----- EXERCISE MATERIAL

Lemma finsum_app f l1 l2 : finsum f (l1 ++ l2) = finsum f l1 + finsum f l2.
Proof. induction l1 as [|a l1 IH]; simpl; [lra | rewrite IH; lra]. Qed.

Lemma finsum_plus f g l : finsum (fun a => f a + g a) l = finsum f l + finsum g l.
Proof. induction l as [|a l IH]; simpl; [lra | rewrite IH; lra]. Qed.

Lemma finsum_scal c f l : finsum (fun a => c * f a) l = c * finsum f l.
Proof. induction l as [|a l IH]; simpl; [lra | rewrite IH; lra]. Qed.

Lemma finsum_le f g l : (forall a, In a l -> f a <= g a) -> finsum f l <= finsum g l.
Proof.
  induction l as [|a l IH]; simpl; intros H; [lra|].
  assert (f a <= g a) by auto. assert (finsum f l <= finsum g l) by auto. lra.
Qed.

Lemma finsum_nonneg f l : (forall a, 0 <= f a) -> 0 <= finsum f l.
Proof. intros H; induction l as [|a l IH]; simpl; [lra|]. specialize (H a); lra. Qed.

Lemma finsum_remove f l a : (forall a, 0 <= f a) ->
  (In a l -> f a + finsum f (remove decX a l) <= finsum f l) /\
  finsum f (remove decX a l) <= finsum f l.
Proof.
  intros Hf; induction l as [|b l [IHin IHle]]; simpl; [split; [tauto | lra]|].
  pose proof (Hf a); pose proof (Hf b).
  destruct (decX a b) as [<-|ne]; simpl; split; try lra.
  intros [->|Hin]; [congruence|]. specialize (IHin Hin); lra.
Qed.

Lemma finsum_incl f l1 l2 : (forall a, 0 <= f a) -> NoDup l1 -> incl l1 l2 ->
  finsum f l1 <= finsum f l2.
Proof.
  intros Hf Hnd; revert l2; induction Hnd as [|a l1 Hna Hnd IH]; intros l2 Hi; simpl.
  - apply finsum_nonneg; auto.
  - assert (Ha : In a l2) by (apply Hi; left; auto).
    assert (finsum f l1 <= finsum f (remove decX a l2)).
    { apply IH. intros b Hb. apply in_in_remove; [intros ->; contradiction | apply Hi; right; auto]. }
    pose proof (proj1 (finsum_remove f l2 a Hf) Ha). lra.
Qed.

Definition merge l1 l2 : list T := nodup decX (l1 ++ l2).

Lemma merge_NoDup l1 l2 : NoDup (merge l1 l2).
Proof. apply NoDup_nodup. Qed.

Lemma finsum_merge f l1 l2 : (forall a, 0 <= f a) ->
  (NoDup l1 -> finsum f l1 <= finsum f (merge l1 l2)) /\
  (NoDup l2 -> finsum f l2 <= finsum f (merge l1 l2)).
Proof.
  intros Hf; split; intros Hnd; apply finsum_incl; auto;
    intros a Ha; apply nodup_In, in_or_app; auto.
Qed.

Lemma finsum_single f l a : NoDup l -> (forall b, b <> a -> f b = 0) ->
  finsum f l = if excluded_middle_informative (In a l) then f a else 0.
Proof.
  intros Hnd Hz; induction Hnd as [|b l Hnb Hnd IH]; simpl.
  - destruct excluded_middle_informative as [[]|]; lra.
  - rewrite IH. destruct (excluded_middle_informative (In a l)) as [i|ni];
    destruct (excluded_middle_informative (b = a \/ In a l)) as [i'|ni'].
    + assert (b <> a) by (intros ->; contradiction). rewrite Hz; auto; lra.
    + tauto.
    + destruct i' as [<-|]; [lra|tauto].
    + assert (b <> a) by tauto. rewrite Hz; auto; lra.
Qed.

Lemma finsum_monotone_limit (fn : nat -> T -> R) f l :
  (forall n m a, (n <= m)%nat -> fn n a <= fn m a) ->
  (forall a e, 0 < e -> exists n, f a - e < fn n a) ->
  forall e, 0 < e -> exists N, finsum f l - e < finsum (fn N) l.
Proof.
  intros Hmono Happ; induction l as [|a l IH]; intros e He; simpl.
  - exists 0%nat; lra.
  - destruct (IH (e / 2) ltac:(lra)) as [N1 H1]. destruct (Happ a (e / 2) ltac:(lra)) as [N2 H2].
    exists (Nat.max N1 N2).
    assert (finsum (fn N1) l <= finsum (fn (Nat.max N1 N2)) l)
      by (apply finsum_le; intros; apply Hmono; lia).
    pose proof (Hmono N2 (Nat.max N1 N2) a ltac:(lia)). lra.
Qed.

End FiniteSums.

Lemma finsum_swap {I J : Type} (b : I -> J -> R) li lj :
  finsum (fun i => finsum (b i) lj) li = finsum (fun j => finsum (fun i => b i j) li) lj.
Proof.
  induction li as [|i li IH]; simpl.
  - induction lj; simpl; lra.
  - rewrite IH, <- finsum_plus. reflexivity.
Qed.

Lemma finsum_map {A B : Type} (f : B -> R) (g : A -> B) l :
  finsum f (map g l) = finsum (fun a => f (g a)) l.
Proof. induction l as [|a l IH]; simpl; [lra | rewrite IH; lra]. Qed.

Lemma finsum_prod {A B : Type} (h : A * B -> R) la lb :
  finsum h (list_prod la lb) = finsum (fun a => finsum (fun b => h (a, b)) lb) la.
Proof.
  induction la as [|a la IH]; simpl; [lra|]. rewrite finsum_app, finsum_map, IH. lra.
Qed.

Lemma NoDup_prod {A B : Type} (la : list A) (lb : list B) :
  NoDup la -> NoDup lb -> NoDup (list_prod la lb).
Proof.
  intros Ha Hb; induction Ha as [|a la Hna Hnd IH]; simpl; [constructor|].
  apply NoDup_app; auto.
  - apply FinFun.Injective_map_NoDup; auto. intros x y H; congruence.
  - intros [a' b'] H1 H2. apply in_map_iff in H1 as [y [Hy _]]. inversion Hy; subst.
    apply in_prod_iff in H2 as [H2 _]. contradiction.
Qed.

Definition SumLe {T : Type} (f : T -> R) (B : R) : Prop :=
  forall l, NoDup l -> finsum f l <= B.

Section Summation.
Context {T : Type}.
Implicit Types (f g : T -> R) (l : list T).

Lemma hs_ub f s : HasSum f s -> SumLe f s.
Proof. intros [H _] l Hl. apply H. eauto. Qed.

Lemma hs_least f s B : HasSum f s -> SumLe f B -> s <= B.
Proof. intros [_ H] HB. apply H. intros r [l [Hl ->]]. auto. Qed.

Lemma hs_intro f s : SumLe f s -> (forall B, SumLe f B -> s <= B) -> HasSum f s.
Proof.
  intros H1 H2; split.
  - intros r [l [Hl ->]]; auto.
  - intros B HB. apply H2. intros l Hl. apply HB; eauto.
Qed.

Lemma hs_unique f s t : HasSum f s -> HasSum f t -> s = t.
Proof. intros H1 H2. apply Rle_antisym; eapply hs_least; eauto using hs_ub. Qed.

Lemma hs_nonneg f s : HasSum f s -> 0 <= s.
Proof. intros H. apply (hs_ub f s H nil). constructor. Qed.

Lemma hs_approx f s d : HasSum f s -> 0 < d -> exists l, NoDup l /\ s - d < finsum f l.
Proof.
  intros Hs Hd. apply NNPP. intros Hno. assert (s <= s - d); [|lra].
  eapply hs_least; [exact Hs|]. intros l Hl.
  apply Rnot_lt_le. intros Hlt. apply Hno. exists l; split; auto; lra.
Qed.
Lemma basis_mx_mul_supported {I J : finType} {f : I -> T} {g : J -> T} {A P} :
  injective g -> supported A P -> (forall p s, P s (f p) -> exists q, s = g q) ->
  (basis_mx f *m A^T <= basis_mx g)%MS.
Proof.
move=> g_inj hA hfg; apply: submx_basis_mx => // r c.
by rewrite basis_mx_mul_tr => /hA; rewrite enum_rankK => /hfg.
Qed.

Lemma basis_mx_mul_diag {I : finType} {f : I -> T} {D : 'M[F]_n} (d : T -> F) {a} :
  (forall i j, D i j = (i == j)%:R * d (enum_val j)) -> (forall p, d (f p) = a) ->
  basis_mx f *m D^T = a *: basis_mx f.
Proof.
move=> hD hd; apply/matrixP => r c; rewrite basis_mx_mul_tr hD !mxE enum_rankK hd.
by rewrite -(inj_eq enum_val_inj) enum_rankK mulrC.
Qed.

End BasisMatrix.

Section RowSpaces.
Context {F : fieldType}.

Lemma row_free_sub_ker {m n p q r} {B : 'M[F]_(m, n)} {A : 'M_(n, q)} {S : 'M_(p, q)} :
  row_free B -> (B *m A <= S)%MS -> (p + r <= m)%N ->
  exists P : 'M_(r, n), [/\ row_free P, (P <= B)%MS & P *m A = 0].
Proof.
move=> freeB BA_S r_le.
pose X := kermx (B *m A) *m B.
have r_le_rkX : (r <= \rank X)%N.
  rewrite mxrankMfree // mxrank_ker.
  have := mxrankS BA_S; have := rank_leq_row S; lia.
pose P := (pid_mx r : 'M_(r, \rank X)) *m row_base X.
have PX : (P <= X)%MS by rewrite (submx_trans (submxMl _ _)) ?eq_row_base.
exists P; split.
- by rewrite /row_free mxrankMfree ?row_base_free // rank_pid_mx.
- exact: submx_trans PX (submxMl _ _).
- have XA : X *m A = 0 by rewrite -mulmxA mulmx_ker.
  by case/submxP: PX => W ->; rewrite -mulmxA XA mulmx0.
Qed.

Lemma submx_mul_scale {m1 m2 n} {P : 'M[F]_(m1, n)} {B : 'M_(m2, n)} {Y : 'M_n} {a} :
  (P <= B)%MS -> B *m Y = a *: B -> P *m Y = a *: P.
Proof. by case/submxP=> W -> BY; rewrite -mulmxA BY scalemxAr. Qed.

Lemma row_tr_mul_scale {m n} {P : 'M[F]_(m, n)} {Y : 'M_n} {a} k :
  P *m Y^T = a *: P -> Y *m (row k P)^T = a *: (row k P)^T.
Proof.
move=> PY; rewrite -[Y]trmxK -trmx_mul -row_mul PY.
by apply/matrixP => i j; rewrite !mxE.
Qed.

End RowSpaces.

Section Sites.
Context {M : nat}.
Local Notation bs := (bstate M).

Lemma at_site_ord (s : bs) (i : 'I_M) : at_site s i = s i.
Proof. by rewrite /at_site valK. Qed.

Lemma at_site_out (s : bs) x : (M <= x)%N -> at_site s x = (false, false).
Proof. by move=> Mx; rewrite /at_site insubN // -leqNgt. Qed.

Lemma at_site_ffun (f : nat -> bool * bool) x :
  at_site [ffun i : 'I_M => f i] x = if (x < M)%N then f x else (false, false).
Proof.
case: ltnP => [xM | /at_site_out //].
by rewrite -[x]/(val (Ordinal xM)) at_site_ord ffunE.
Qed.

Lemma at_site_upd (s : bs) m y x :
  at_site (upd s m y) x = if (x == m) && (x < M)%N then y else at_site s x.
Proof.
case: (ltnP x M) => [xM | Mx]; last by rewrite andbF !at_site_out.
by rewrite andbT -[x]/(val (Ordinal xM)) !at_site_ord ffunE.
Qed.

Lemma bstate_ext (s t : bs) :
  (forall x, (x < M)%N -> at_site s x = at_site t x) -> s = t.
Proof. by move=> st; apply/ffunP => i; rewrite -!at_site_ord st. Qed.

End Sites.

Section Operators.
Context {R : realType} {M : nat}.
Local Notation bs := (bstate M).
Local Notation n := (hdim M).

Lemma adj_entry (A : 'M[R[i]]_n) i j : adj A i j = (A j i)^*.
Proof. by rewrite !mxE. Qed.

Lemma supported_adj {A : 'M[R[i]]_n} {P} :
  supported A P -> supported (adj A) (fun x z => P z x).
Proof. by move=> hA i j; rewrite adj_entry conjc_eq0 => /hA. Qed.

Lemma cop_supported m : supported (cop R M m)
  (fun s' s => (at_site s m).1 /\ s' = upd s m (false, (at_site s m).2)).
Proof.
by move=> i j; rewrite mxE; case: ifP => [/andP[? /eqP] | _] //; rewrite eqxx.
Qed.

Lemma sigp_supported m : supported (sigp R M m) (fun s' s => flip_sp s' s m).
Proof.
have flip_supp (f : bs -> bs -> R[i]) :
    supported (opmx (fun s' s => if flip_sp s' s m then f s' s else 0))
              (fun s' s => flip_sp s' s m).
  by move=> i j; rewrite mxE; case: ifP => // _; rewrite eqxx.
by apply: supported_add; [|apply: supported_scale]; apply: flip_supp.
Qed.

(* The spin at site [k+1] is left unconstrained: the [J]-terms flip it. *)
Definition hop (k : nat) (s' s : bs) :=
  [/\ (at_site s k).1, ~~ (at_site s k.+1).1,
      at_site s' k = (false, (at_site s k).2), (at_site s' k.+1).1
    & forall x, x != k -> x != k.+1 -> at_site s' x = at_site s x].

Lemma cdag_cop_supported {k} : (k.+1 < M)%N ->
  supported (cdag R M k.+1 *m cop R M k) (hop k).
Proof.
move=> kM.
apply: supportedW (supported_mul (supported_adj (cop_supported k.+1)) (cop_supported k)) _.
move=> s' s [y [[occ' ->] [occ y_eq]]].
have E (x : nat) := congr1 (fun w : bs => at_site w x) y_eq.
have kM' : (k < M)%N by apply: ltnW.
move: (E k) (E k.+1).
rewrite !at_site_upd !eqxx kM kM' (ltn_eqF (ltnSn k)) (gtn_eqF (ltnSn k)) /=.
move=> Ek Ek1; split => //; first by rewrite -Ek1.
by move=> x /negbTE xk /negbTE xk1; move: (E x); rewrite !at_site_upd xk xk1.
Qed.

Lemma hop_flip k (s' y s : bs) : hop k s' y -> flip_sp y s k.+1 -> hop k s' s.
Proof.
move=> [occ emp s'k occ' others] /eqP y_def.
have ys x : at_site y x = if (x == k.+1) && (x < M)%N
    then ((at_site s k.+1).1, ~~ (at_site s k.+1).2) else at_site s x.
  by rewrite y_def at_site_upd.
have ysk : at_site y k = at_site s k by rewrite ys (ltn_eqF (ltnSn k)).
split; rewrite -?ysk //.
- by move: emp; rewrite ys eqxx; case: ifP.
- by move=> x xk xk1; rewrite others // ys (negbTE xk1).
Qed.

Lemma HgJ_supported (J gam : 'I_M.-1 -> R) :
  supported (HgJ J gam) (fun s' s => exists k : 'I_M.-1, hop k s' s \/ hop k s s').
Proof.
pose Q (s' s : bs) := exists k : 'I_M.-1, hop k s' s \/ hop k s s'.
have bond (k : 'I_M.-1) (A : 'M[R[i]]_n) :
    supported A (hop k) -> supported (A + adj A) Q.
  move=> hA; apply: supported_add.
    by apply: supportedW hA _ => s' s h; exists k; left.
  by apply: supportedW (supported_adj hA) _ => s' s h; exists k; right.
have kM (k : 'I_M.-1) : (k.+1 < M)%N by have := ltn_ord k; lia.
apply: supported_add; last apply: supported_opp.
all: apply: supported_sum => k; apply: (bond k); apply: supported_scale.
- apply: supportedW (supported_mul (cdag_cop_supported (kM k)) (sigp_supported k.+1)) _.
  by move=> s' s [y [h f]]; apply: hop_flip h f.
- exact: cdag_cop_supported (kM k).
Qed.

Lemma cop_entry m i j : cop R M m i j =
  (enum_val i == upd (enum_val j) m (false, (at_site (enum_val j) m).2))%:R *
  ((at_site (enum_val j) m).1%:R * jw R (enum_val j) m).
Proof. by rewrite mxE andbC; case: eqP; case: (_.1); rewrite /= ?mul1r ?mul0r. Qed.

Lemma jw_conj_mul (s : bs) m : (jw R s m)^* * jw R s m = 1.
Proof. by rewrite /jw rmorphXn rmorphN1 -exprMn mulrNN mulr1 expr1n. Qed.

Lemma upd_empty_inj {m} {s t : bs} :
  (m < M)%N -> (at_site s m).1 -> (at_site t m).1 ->
  upd s m (false, (at_site s m).2) = upd t m (false, (at_site t m).2) -> s = t.
Proof.
move=> mM occ_s occ_t st; apply: bstate_ext => x xM.
have := congr1 (fun w : bs => at_site w x) st; rewrite /= !at_site_upd xM andbT.
case: eqP => [-> [spin_st] | //].
move: occ_s occ_t spin_st.
by case: (at_site s m) => ? ?; case: (at_site t m) => ? ? /= -> -> ->.
Qed.

Lemma cdag_cop_entry (m : 'I_M) i j :
  (cdag R M m *m cop R M m) i j = (i == j)%:R * (enum_val j m).1%:R.
Proof.
rewrite mxE; under eq_bigr => k _ do rewrite adj_entry [cop _ _ _ k j]cop_entry mulrCA.
rewrite (sum_enum_val_eq (fun k => (cop R M m k i)^* * _)) cop_entry enum_rankK.
rewrite !rmorphM /= !rmorph_nat -!at_site_ord.
case: (eqVneq i j) => [-> | ij].
  by rewrite !eqxx; case: (_.1); rewrite /= ?mul1r ?jw_conj_mul ?mul0r.
rewrite mul0r; case occ_i: (at_site _ m).1; last by rewrite mul0r mulr0 mul0r.
case occ_j: (at_site _ m).1; last by rewrite mul0r mulr0.
case: eqP => [/esym/(upd_empty_inj (ltn_ord m) occ_i occ_j)/enum_val_inj ij_eq | _].
  by rewrite ij_eq eqxx in ij.
by rewrite !mul0r.
Qed.

Lemma Nop_entry i j :
  Nop R M i j = (i == j)%:R * #|[set x | (enum_val j x).1]|%:R.
Proof.
rewrite summxE (eq_bigr _ (fun m _ => cdag_cop_entry m i j)) -mulr_sumr -natr_sum.
rewrite -sum1_card [in RHS]big_mkcond; congr (_ * _%:R).
by apply: eq_bigr => x _; rewrite inE.
Qed.

Lemma sigz_entry m i j :
  sigz R M m i j = (i == j)%:R * (if (at_site (enum_val j) m).2 then 1 else -1).
Proof. by rewrite mxE (inj_eq enum_val_inj); case: eqP; rewrite ?mul1r ?mul0r. Qed.

End Operators.

Section PairStates.
Context {M : nat}.
Local Notation bs := (bstate M).
Local Notation spins := {ffun 'I_M.-1 -> bool}.

(* A spin configuration with spin up at site 0 (the paper's site 1) is encoded
   by the spins [σ] of the sites 1, ..., M-1. *)
Definition spin_of (σ : spins) (x : nat) : bool :=
  if x is y.+1 then oapp σ false (insub y) else true.

Definition pair_state (d a : nat) (σ : spins) : bs :=
  [ffun x : 'I_M => ((val x == a) || (val x == (a + d)%N), spin_of σ x)].

Definition spins_of (s : bs) : spins := [ffun o : 'I_M.-1 => (at_site s o.+1).2].

Lemma at_pair_state d a σ x : at_site (pair_state d a σ) x =
  if (x < M)%N then ((x == a) || (x == (a + d)%N), spin_of σ x) else (false, false).
Proof. exact: (at_site_ffun (fun y => ((y == a) || (y == (a + d)%N), spin_of σ y))). Qed.

Lemma pair_state_inj {d a b σ τ} : (0 < d)%N -> (a < M)%N -> (b < M)%N ->
  pair_state d a σ = pair_state d b τ -> a = b /\ σ = τ.
Proof.
move=> d_gt0 aM bM st.
have E x : (x < M)%N ->
    ((x == a) || (x == (a + d)%N), spin_of σ x) =
    ((x == b) || (x == (b + d)%N), spin_of τ x).
  by move=> xM; have := congr1 (fun w : bs => at_site w x) st; rewrite /= !at_pair_state xM.
split.
  by move: (E a aM) (E b bM); rewrite !eqxx /= => -[/esym ab _] [ba _]; lia.
apply/ffunP => o; have oM : (o.+1 < M)%N by have := ltn_ord o; lia.
by case: (E _ oM) => _; rewrite /= valK.
Qed.

Lemma pair_stateP d a (s : bs) : (at_site s 0).2 ->
  (forall x, (x < M)%N -> (at_site s x).1 = (x == a) || (x == (a + d)%N)) ->
  s = pair_state d a (spins_of s).
Proof.
move=> up0 occ; apply: bstate_ext => x xM; rewrite at_pair_state xM -occ //.
case: x xM => [|y] yM; rewrite [LHS]surjective_pairing /=; first by rewrite up0.
have yM' : (y < M.-1)%N by lia.
by rewrite insubT /= ffunE.
Qed.

Lemma pair_state_uncurry_inj d N : (0 < d)%N -> (N <= M)%N ->
  injective (fun p : 'I_N * spins => pair_state d p.1 p.2).
Proof.
move=> d_gt0 NM [a σ] [b τ] /=.
move/(pair_state_inj d_gt0 (leq_trans (ltn_ord a) NM) (leq_trans (ltn_ord b) NM)).
by case=> ab ->; congr pair; apply: val_inj.
Qed.

Definition nn_state (p : 'I_M.-1 * spins) : bs := pair_state 1 p.1 p.2.
Definition nnn_state (p : 'I_M.-2 * spins) : bs := pair_state 2 p.1 p.2.

Lemma nn_state_inj : injective nn_state.
Proof. exact: pair_state_uncurry_inj (leq_pred M). Qed.

Lemma nnn_state_inj : injective nnn_state.
Proof. exact: pair_state_uncurry_inj (leq_trans (leq_pred _) (leq_pred M)). Qed.

Lemma hop_nn_state p k (s : bs) : (k.+1 < M)%N ->
  hop k s (nn_state p) \/ hop k (nn_state p) s -> exists q, s = nnn_state q.
Proof.
case: p => [a σ] kM; have aM := ltn_ord a; have M_gt0 : (0 < M)%N by lia.
rewrite /nn_state /=.
case=> -[occ emp s_k s_k1 others].
- move: occ emp; rewrite !at_pair_state kM ltnW //= => occ emp.
  have ka : k = a.+1 by lia.
  have aM2 : (a < M.-2)%N by lia.
  exists (Ordinal aM2, spins_of s); apply: pair_stateP => /=.
    by rewrite others ?at_pair_state ?M_gt0 //; lia.
  move=> x xM; case: (eqVneq x k) => [-> | xk]; first by rewrite s_k /=; lia.
  case: (eqVneq x k.+1) => [-> | xk1]; first by rewrite s_k1; lia.
  by rewrite others // at_pair_state xM /=; lia.
- move: s_k s_k1; rewrite !at_pair_state kM ltnW //= => -[s_k s_k_up] s_k1.
  have ka : k.+1 = a by lia.
  have kM2 : (k < M.-2)%N by lia.
  exists (Ordinal kM2, spins_of s); apply: pair_stateP => /=.
    case: (eqVneq k 0) => [k0 | k_gt0]; first by move: s_k_up; rewrite k0 => <-.
    by rewrite -others ?at_pair_state ?M_gt0 //; lia.
  move=> x xM; case: (eqVneq x k) => [-> | xk]; first by rewrite occ; lia.
  case: (eqVneq x k.+1) => [-> | xk1]; first by rewrite (negbTE emp); lia.
  by rewrite -others // at_pair_state xM /=; lia.
Qed.

End PairStates.

Section NearestNeighbourPairs.
Context {R : realType} {M : nat}.
Local Notation spins := {ffun 'I_M.-1 -> bool}.

Definition nn_basis : 'M[R[i]]_(#|{: 'I_M.-1 * spins}|, hdim M) :=
  basis_mx (@nn_state M).
Definition nnn_basis : 'M[R[i]]_(#|{: 'I_M.-2 * spins}|, hdim M) :=
  basis_mx (@nnn_state M).

Lemma nn_basis_free : row_free nn_basis.
Proof. exact: basis_mx_free nn_state_inj. Qed.

Lemma card_occupied_nn_state (p : 'I_M.-1 * spins) :
  #|[set x | (nn_state p x).1]| = 2.
Proof.
case: p => [a σ]; have aM : (a.+1 < M)%N by have := ltn_ord a; lia.
have -> : [set x | (nn_state (a, σ) x).1] = [set Ordinal (ltnW aM); Ordinal aM].
  by apply/setP => x; rewrite !inE ffunE /= -!val_eqE /= addn1.
by rewrite cards2 -val_eqE /= (ltn_eqF (ltnSn a)).
Qed.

----------

◆ EXERCISE PROMPT
Take the entries above and return only the lines from the one with "Lemma sigz_entry m" to the one with "by the spins", both included, unchanged.

◆ TASK SOLUTION
Lemma sigz_entry m i j :
  sigz R M m i j = (i == j)%:R * (if (at_site (enum_val j) m).2 then 1 else -1).
Proof. by rewrite mxE (inj_eq enum_val_inj); case: eqP; rewrite ?mul1r ?mul0r. Qed.

End Operators.

Section PairStates.
Context {M : nat}.
Local Notation bs := (bstate M).
Local Notation spins := {ffun 'I_M.-1 -> bool}.

(* A spin configuration with spin up at site 0 (the paper's site 1) is encoded
   by the spins [σ] of the sites 1, ..., M-1. *)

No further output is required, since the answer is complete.